(* Consider a Why Query with the \texttt{SUM} aggregate, an attribute $X$ with filters $p_1,\dots,p_m$, a threshold $\varepsilon$, and a canonical predicate $P^C$. Then for every nonempty $P\subsetneq P^C$, $P$ is an actual cause and $\overline{P}=P^C\setminus P$ is a valid contingency for $P$, i.e. $\Delta(D-D_{\overline{P}}-D_P)\le\varepsilon<\Delta(D-D_{\overline{P}})$.
   Context: $D$ is a finite table of rows; $M$ is a numerical column; $s_1,s_2$ are disjoint sets of rows (sibling subspaces). $X$ is a categorical column with values $x_1,\dots,x_m$; filter $p_i$ is the condition $X=x_i$. A predicate is $P\subseteq\{p_1,\dots,p_m\}$, $D_P$ the set of rows whose $X$-value is in $P$; $D'-D''$ is set difference. For $D'\subseteq D$, $\Delta(D')=\sum_{t\in D'\cap s_1}t[M]-\sum_{t\in D'\cap s_2}t[M]$; $\Delta_i=\Delta(D_{p_i})$; $\Delta(D)>0$. $P$ is an actual cause if there is $\Gamma\subseteq\{p_1,\dots,p_m\}$ with $\Gamma\cap P=\emptyset$ (a valid contingency) such that $\Delta(D-D_\Gamma-D_P)\le\varepsilon<\Delta(D-D_\Gamma)$. Canonical predicate: order the filters so that $\Delta_1\ge\cdots\ge\Delta_m$ and let $j$ satisfy $\Delta(D)-\sum_{i=1}^{j}\Delta_i\le\varepsilon<\Delta(D)-\sum_{i=1}^{j-1}\Delta_i$; then $P^C=\{p_1,\dots,p_j\}$. *)

From mathcomp Require Import all_boot all_order all_algebra.
Set Implicit Arguments. Unset Strict Implicit. Unset Printing Implicit Defensive.
Import Order.TTheory GRing.Theory Num.Theory.
Local Open Scope ring_scope.

Section WhyQuery.
Variables (R : realFieldType) (T : finType) (m : nat).
(* M : numerical column; s1 s2 : sibling subspaces;
   X : categorical column, with value x_i encoded as i : 'I_m,
   so that filter p_i is "X = x_i" and a predicate is a set of indices. *)
Variables (M : T -> R) (s1 s2 : {set T}) (X : T -> 'I_m).

Definition Delta (D' : {set T}) : R :=
  \sum_(t in D' :&: s1) M t - \sum_(t in D' :&: s2) M t.

Definition DP (D : {set T}) (P : {set 'I_m}) : {set T} :=
  [set t in D | X t \in P].

Definition Delta_i (D : {set T}) (i : 'I_m) : R := Delta (DP D [set i]).

Definition valid_contingency (D : {set T}) (eps : R) (Gamma P : {set 'I_m}) :
  Prop :=
  [disjoint Gamma & P] /\
  Delta (D :\: DP D Gamma :\: DP D P) <= eps < Delta (D :\: DP D Gamma).

Definition actual_cause (D : {set T}) (eps : R) (P : {set 'I_m}) : Prop :=
  exists Gamma : {set 'I_m}, valid_contingency D eps Gamma P.

Definition sorted_filters (D : {set T}) : Prop :=
  forall i k : 'I_m, (i <= k)%N -> Delta_i D k <= Delta_i D i.

(* j defines the canonical predicate {p_1,...,p_j} (0-based: indices < j) *)
Definition canonical_index (D : {set T}) (eps : R) (j : nat) : Prop :=
  (j <= m)%N /\
  Delta D - \sum_(i < m | (i < j)%N) Delta_i D i <= eps <
  Delta D - \sum_(i < m | (i < j.-1)%N) Delta_i D i.

Definition canonical_pred (j : nat) : {set 'I_m} := [set i : 'I_m | (i < j)%N].

End WhyQuery.

From Pilot Require Import Defs.
From mathcomp Require Import all_boot all_order all_algebra.
From mathcomp Require Import lra.
Set Implicit Arguments. Unset Strict Implicit. Unset Printing Implicit Defensive.
Import Order.TTheory GRing.Theory Num.Theory.
Local Open Scope ring_scope.

(** Because [Delta] is additive over disjoint sets of rows, removing the rows
   of a set of filters subtracts the sum of their [Delta_i].  Removing
   [D_P] after [D_(P^C - P)] removes exactly [D_(P^C)], which by the choice
   of [j] brings [Delta] down to at most [eps].  Before removing [D_P], only
   the filters of [P^C - P] have been subtracted; as [P] contains some [p_k]
   and [Delta_k >= Delta_(j-1) > 0] on [P^C] by sortedness, this is at most
   the sum over the first [j - 1] filters, which by the choice of [j] leaves
   [Delta] above [eps]. *)

Lemma sumr_setD_le (R : numDomainType) (I : finType) (a : I -> R)
    (C P : {set I}) (k : I) :
  {in C, forall i, 0 <= a i} -> P \subset C -> k \in P ->
  \sum_(i in C :\: P) a i <= \sum_(i in C) a i - a k.
Proof.
move=> a_ge0 /subsetP sPC kP.
have kCP : k \in C :&: P by rewrite inE kP sPC.
have ak_le : a k <= \sum_(i in C :&: P) a i.
  rewrite (bigD1 k kCP) /= lerDl sumr_ge0 // => i /andP[/setIP[iC _] _].
  exact: a_ge0.
by rewrite [X in _ <= X - _](big_setID P) /= addrAC lerDr subr_ge0.
Qed.

Lemma sum_canonical_pred (R : nmodType) (m j : nat) (a : 'I_m -> R) :
  \sum_(i < m | (i < j)%N) a i = \sum_(i in canonical_pred m j) a i.
Proof. by apply: eq_bigl => i; rewrite inE. Qed.

Lemma sum_ord_ltS (R : nmodType) (m : nat) (a : 'I_m -> R) (k : 'I_m) :
  \sum_(i < m | (i < k.+1)%N) a i = a k + \sum_(i < m | (i < k)%N) a i.
Proof.
rewrite (bigD1 k) //=; congr (_ + _); apply: eq_bigl => i.
by rewrite ltnS ltn_neqAle andbC.
Qed.

Section WhyQuerySum.
Variables (R : realFieldType) (T : finType) (m : nat).
Variables (M : T -> R) (s1 s2 : {set T}) (X : T -> 'I_m).

Local Notation Delta := (Delta M s1 s2).
Local Notation DP := (DP X).
Local Notation Delta_i := (Delta_i M s1 s2 X).

Lemma DP_subset (D : {set T}) (Q : {set 'I_m}) : DP D Q \subset D.
Proof. by apply/subsetP => t; rewrite inE => /andP[]. Qed.

Lemma sum_setDI (D E S : {set T}) : E \subset D ->
  \sum_(t in (D :\: E) :&: S) M t =
  \sum_(t in D :&: S) M t - \sum_(t in E :&: S) M t.
Proof.
move=> /subsetP sED.
rewrite [in RHS](big_setID E) /= setIDAC.
have -> : D :&: S :&: E = E :&: S.
  by apply/setP => t; rewrite !inE; case tE: (t \in E); rewrite ?andbF //= sED ?andbT.
lra.
Qed.

Lemma Delta_setD (D E : {set T}) : E \subset D ->
  Delta (D :\: E) = Delta D - Delta E.
Proof. by move=> sED; rewrite /Defs.Delta !sum_setDI //; lra. Qed.

Lemma sum_DPI (D S : {set T}) (Q : {set 'I_m}) :
  \sum_(t in DP D Q :&: S) M t =
  \sum_(i in Q) \sum_(t in DP D [set i] :&: S) M t.
Proof.
rewrite (partition_big X [in Q]) => [|t]; last by rewrite !inE => /andP[/andP[]].
apply: eq_bigr => i iQ; apply: eq_bigl => t; rewrite !inE.
by case: (eqVneq (X t) i) => [->|]; rewrite ?iQ ?andbT ?andbF //.
Qed.

Lemma Delta_DP (D : {set T}) (Q : {set 'I_m}) :
  Delta (DP D Q) = \sum_(i in Q) Delta_i D i.
Proof. by rewrite /Defs.Delta !sum_DPI -sumrB. Qed.

Lemma Delta_setD_DP (D : {set T}) (Q : {set 'I_m}) :
  Delta (D :\: DP D Q) = Delta D - \sum_(i in Q) Delta_i D i.
Proof. by rewrite Delta_setD ?DP_subset // Delta_DP. Qed.

Lemma setD_DP_setD (D : {set T}) (P Q : {set 'I_m}) : P \subset Q ->
  D :\: DP D (Q :\: P) :\: DP D P = D :\: DP D Q.
Proof.
move=> /subsetP sPQ; apply/setP => t; rewrite !inE.
by case: (t \in D) => //=; case tP: (X t \in P) => //=; rewrite sPQ.
Qed.

(* For [j = 0] both sums are empty ([0.-1 = 0]), so [canonical_index] fails. *)
Lemma canonical_index_last (D : {set T}) (eps : R) (j : nat) :
  canonical_index M s1 s2 X D eps j ->
  exists2 k : 'I_m, j = k.+1 & 0 < Delta_i D k.
Proof.
case: j => [|k] [km /andP[le_eps lt_eps]].
  by have := le_lt_trans le_eps lt_eps; rewrite ltxx.
exists (Ordinal km) => //.
rewrite (sum_ord_ltS _ (Ordinal km)) in le_eps; lra.
Qed.

End WhyQuerySum.

Theorem theorem3p17 (R : realFieldType) (T : finType) (m : nat)
  (M : T -> R) (s1 s2 : {set T}) (X : T -> 'I_m)
  (D : {set T}) (eps : R) (j : nat) :
  [disjoint s1 & s2] ->
  0 < Delta M s1 s2 D ->
  sorted_filters M s1 s2 X D ->
  canonical_index M s1 s2 X D eps j ->
  forall P : {set 'I_m},
    P != set0 -> P \proper canonical_pred m j ->
    actual_cause M s1 s2 X D eps P /\
    valid_contingency M s1 s2 X D eps (canonical_pred m j :\: P) P.
Proof.
move=> _ _ sorted cj P /set0Pn[p pP] /proper_sub sPC.
have [k def_j ak_gt0] := canonical_index_last cj.
case: cj => _ /andP[le_eps lt_eps]; subst j.
set a := Delta_i M s1 s2 X D in ak_gt0 le_eps lt_eps *.
set C := canonical_pred m k.+1 in sPC *.
have ak_le : {in C, forall i, a k <= a i}.
  by move=> i; rewrite inE ltnS; apply: sorted.
have a_ge0 : {in C, forall i, 0 <= a i}.
  by move=> i /ak_le; apply: le_trans; apply: ltW.
suff valid : valid_contingency M s1 s2 X D eps (C :\: P) P.
  by split=> //; exists (C :\: P).
split; first by have /subsetDP[] := subxx (C :\: P).
rewrite setD_DP_setD // !Delta_setD_DP -sum_canonical_pred le_eps /=.
apply: (lt_le_trans lt_eps); rewrite lerD2l lerN2 /=.
apply: (le_trans (sumr_setD_le a_ge0 sPC pP)).
rewrite -sum_canonical_pred sum_ord_ltS addrAC gerDr subr_le0.
by rewrite ak_le // (subsetP sPC).
Qed.
(* Let $(V,\varphi,\xi,\eta,g)$, $\mathcal{F}$, $G$, $p_1,\dots,p_4$ and the inner product $\langle\cdot,\cdot\rangle$ be as in the context, and let $W_i=\mathrm{Im}\,p_i$ ($i=1,2,3,4$). Then $\mathcal{F}=W_1\oplus W_2\oplus W_3\oplus W_4$, the subspaces $W_i$ are mutually orthogonal with respect to $\langle\cdot,\cdot\rangle$, and each $W_i$ is invariant under the action of $G$.
   Context: Let $V$ be a real vector space of dimension $2n+1$ with an endomorphism $\varphi$, a vector $\xi$ and a linear form $\eta$ such that $\varphi\xi=0$, $\eta\circ\varphi=0$, $\eta(\xi)=1$, $\varphi^2=\mathrm{id}-\eta\otimes\xi$, and such that $\varphi$ restricted to $\mathbb{D}=\ker\eta$ has eigenvalues $\pm1$ with eigenspaces of equal dimension $n$. Let $g$ be a nondegenerate symmetric bilinear form on $V$ with $g(\varphi X,\varphi Y)=-g(X,Y)+\eta(X)\eta(Y)$; then $\eta(X)=g(X,\xi)$. Write $hX=X-\eta(X)\xi$. Fix a basis $\{e_1,\dots,e_{2n}\}$ of $\mathbb{D}$ and write $Y=Y^ie_i+\eta(Y)\xi$. Let $\mathcal{F}$ be the vector space of all $(0,3)$-tensors of the form $F(X,Y,Z)=Y^ig(\mathcal{A}_{e_i}X,Z)+\eta(Y)g(\mathcal{A}_\xi X,\varphi Z)$, where $\mathcal{A}_{e_i}:V\to V$ and $\mathcal{A}_\xi:V\to\mathbb{D}$ are linear maps satisfying for all $X$, $i,j$: $g(\mathcal{A}_{e_i}X,e_j)=-g(\mathcal{A}_{e_j}X,e_i)$; $\mathcal{A}_{\varphi e_i}X=-\varphi(\mathcal{A}_{e_i}X)-g(\mathcal{A}_\xi X,e_i)\xi$ (index extended linearly); $\eta(\mathcal{A}_{e_i}X)=-g(\mathcal{A}_\xi X,\varphi e_i)$; $\eta(\mathcal{A}_\xi X)=0$. The inner product on $\mathcal{F}$ is $\langle F_1,F_2\rangle=g^{aq}g^{br}g^{cs}F_1(f_a,f_b,f_c)F_2(f_q,f_r,f_s)$ for any basis $\{f_1,\dots,f_{2n+1}\}$ of $V$, $(g^{ab})$ the inverse of $(g(f_a,f_b))$. Let $G$ be the group of linear automorphisms $a$ of $V$ with $a\varphi=\varphi a$, $a\xi=\xi$, $\eta\circ a=\eta$, $g(aX,aY)=g(X,Y)$, acting on $\mathcal{F}$ by $(\lambda(a)F)(X,Y,Z)=F(a^{-1}X,a^{-1}Y,a^{-1}Z)$. Define $p_1(F)(X,Y,Z)=F(hX,hY,hZ)$; $p_2(F)(X,Y,Z)=-\eta(Y)F(hX,hZ,\xi)+\eta(Z)F(hX,hY,\xi)$; $p_3(F)(X,Y,Z)=\eta(X)F(\xi,hY,hZ)$; $p_4(F)(X,Y,Z)=\eta(X)\eta(Y)F(\xi,\xi,hZ)-\eta(X)\eta(Z)F(\xi,\xi,hY)$. *)

From mathcomp Require Import all_boot all_order all_algebra.
From mathcomp Require Import reals.
Set Implicit Arguments. Unset Strict Implicit. Unset Printing Implicit Defensive.
Import Order.TTheory GRing.Theory Num.Theory.
Local Open Scope ring_scope.

Section Defs.
Variables (R : realType) (m : nat).
Notation V := 'rV[R]_m.

(* Row-vector convention: a linear map with matrix M sends X to X *m M. *)
(* phi X := X *m Phi ; eta X := (X *m eta) 0 0 ; g(X,Y) := (X *m Gm *m Y^T) 0 0 *)
Definition etaf (eta : 'cV[R]_m) (X : V) : R := (X *m eta) 0 0.
Definition gf (Gm : 'M[R]_m) (X Y : V) : R := (X *m Gm *m Y^T) 0 0.
Definition hmap (xi : V) (eta : 'cV[R]_m) (X : V) : V := X - etaf eta X *: xi.

Definition tensor := V -> V -> V -> R.

(* The space \mathcal{F}.  A Y is the matrix of \mathcal{A}_Y for Y in D
   (linear in Y: the linear extension of i |-> \mathcal{A}_{e_i});
   Axi is the matrix of \mathcal{A}_\xi. *)
Definition inF (Phi : 'M[R]_m) (xi : V) (eta : 'cV[R]_m) (Gm : 'M[R]_m)
  (F : tensor) : Prop :=
  exists (A : V -> 'M[R]_m) (Axi : 'M[R]_m),
    [/\ forall (c : R) (Y Z : V), A (c *: Y + Z) = c *: A Y + A Z,
        forall X Y Z : V, etaf eta Y = 0 -> etaf eta Z = 0 ->
          gf Gm (X *m A Y) Z = - gf Gm (X *m A Z) Y,
        forall X Y : V, etaf eta Y = 0 ->
          X *m A (Y *m Phi) = - ((X *m A Y) *m Phi) - gf Gm (X *m Axi) Y *: xi,
        forall X Y : V, etaf eta Y = 0 ->
          etaf eta (X *m A Y) = - gf Gm (X *m Axi) (Y *m Phi)
      & forall X : V, etaf eta (X *m Axi) = 0]
    /\ F = fun X Y Z => gf Gm (X *m A (hmap xi eta Y)) Z
                         + etaf eta Y * gf Gm (X *m Axi) (Z *m Phi).

Definition tip (Gm : 'M[R]_m) (F1 F2 : tensor) : R :=
  let Gi := invmx Gm in
  let f := fun a : 'I_m => (delta_mx 0 a : V) in
  \sum_(a < m) \sum_(b < m) \sum_(c < m) \sum_(q < m) \sum_(r < m) \sum_(s < m)
    Gi a q * Gi b r * Gi c s * F1 (f a) (f b) (f c) * F2 (f q) (f r) (f s).

Definition inG (Phi : 'M[R]_m) (xi : V) (eta : 'cV[R]_m) (Gm : 'M[R]_m)
  (a : 'M[R]_m) : Prop :=
  [/\ a \in unitmx,
      forall X : V, (X *m a) *m Phi = (X *m Phi) *m a,
      xi *m a = xi,
      forall X : V, etaf eta (X *m a) = etaf eta X
    & forall X Y : V, gf Gm (X *m a) (Y *m a) = gf Gm X Y].

Definition lam (a : 'M[R]_m) (F : tensor) : tensor :=
  fun X Y Z => F (X *m invmx a) (Y *m invmx a) (Z *m invmx a).

Definition p1 (xi : V) (eta : 'cV[R]_m) (F : tensor) : tensor :=
  fun X Y Z => F (hmap xi eta X) (hmap xi eta Y) (hmap xi eta Z).
Definition p2 (xi : V) (eta : 'cV[R]_m) (F : tensor) : tensor :=
  fun X Y Z => - etaf eta Y * F (hmap xi eta X) (hmap xi eta Z) xi
               + etaf eta Z * F (hmap xi eta X) (hmap xi eta Y) xi.
Definition p3 (xi : V) (eta : 'cV[R]_m) (F : tensor) : tensor :=
  fun X Y Z => etaf eta X * F xi (hmap xi eta Y) (hmap xi eta Z).
Definition p4 (xi : V) (eta : 'cV[R]_m) (F : tensor) : tensor :=
  fun X Y Z => etaf eta X * etaf eta Y * F xi xi (hmap xi eta Z)
               - etaf eta X * etaf eta Z * F xi xi (hmap xi eta Y).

===============

ABOUT THIS EXERCISE> Go to the line in the material above that contains "gf Gm (X *m A Y)" and copy exactly from there through the line that contains "etaf eta (X *m A Y)", stopping after it.

TASK ANSWER>
          gf Gm (X *m A Y) Z = - gf Gm (X *m A Z) Y,
        forall X Y : V, etaf eta Y = 0 ->
          X *m A (Y *m Phi) = - ((X *m A Y) *m Phi) - gf Gm (X *m Axi) Y *: xi,
        forall X Y : V, etaf eta Y = 0 ->
          etaf eta (X *m A Y) = - gf Gm (X *m Axi) (Y *m Phi)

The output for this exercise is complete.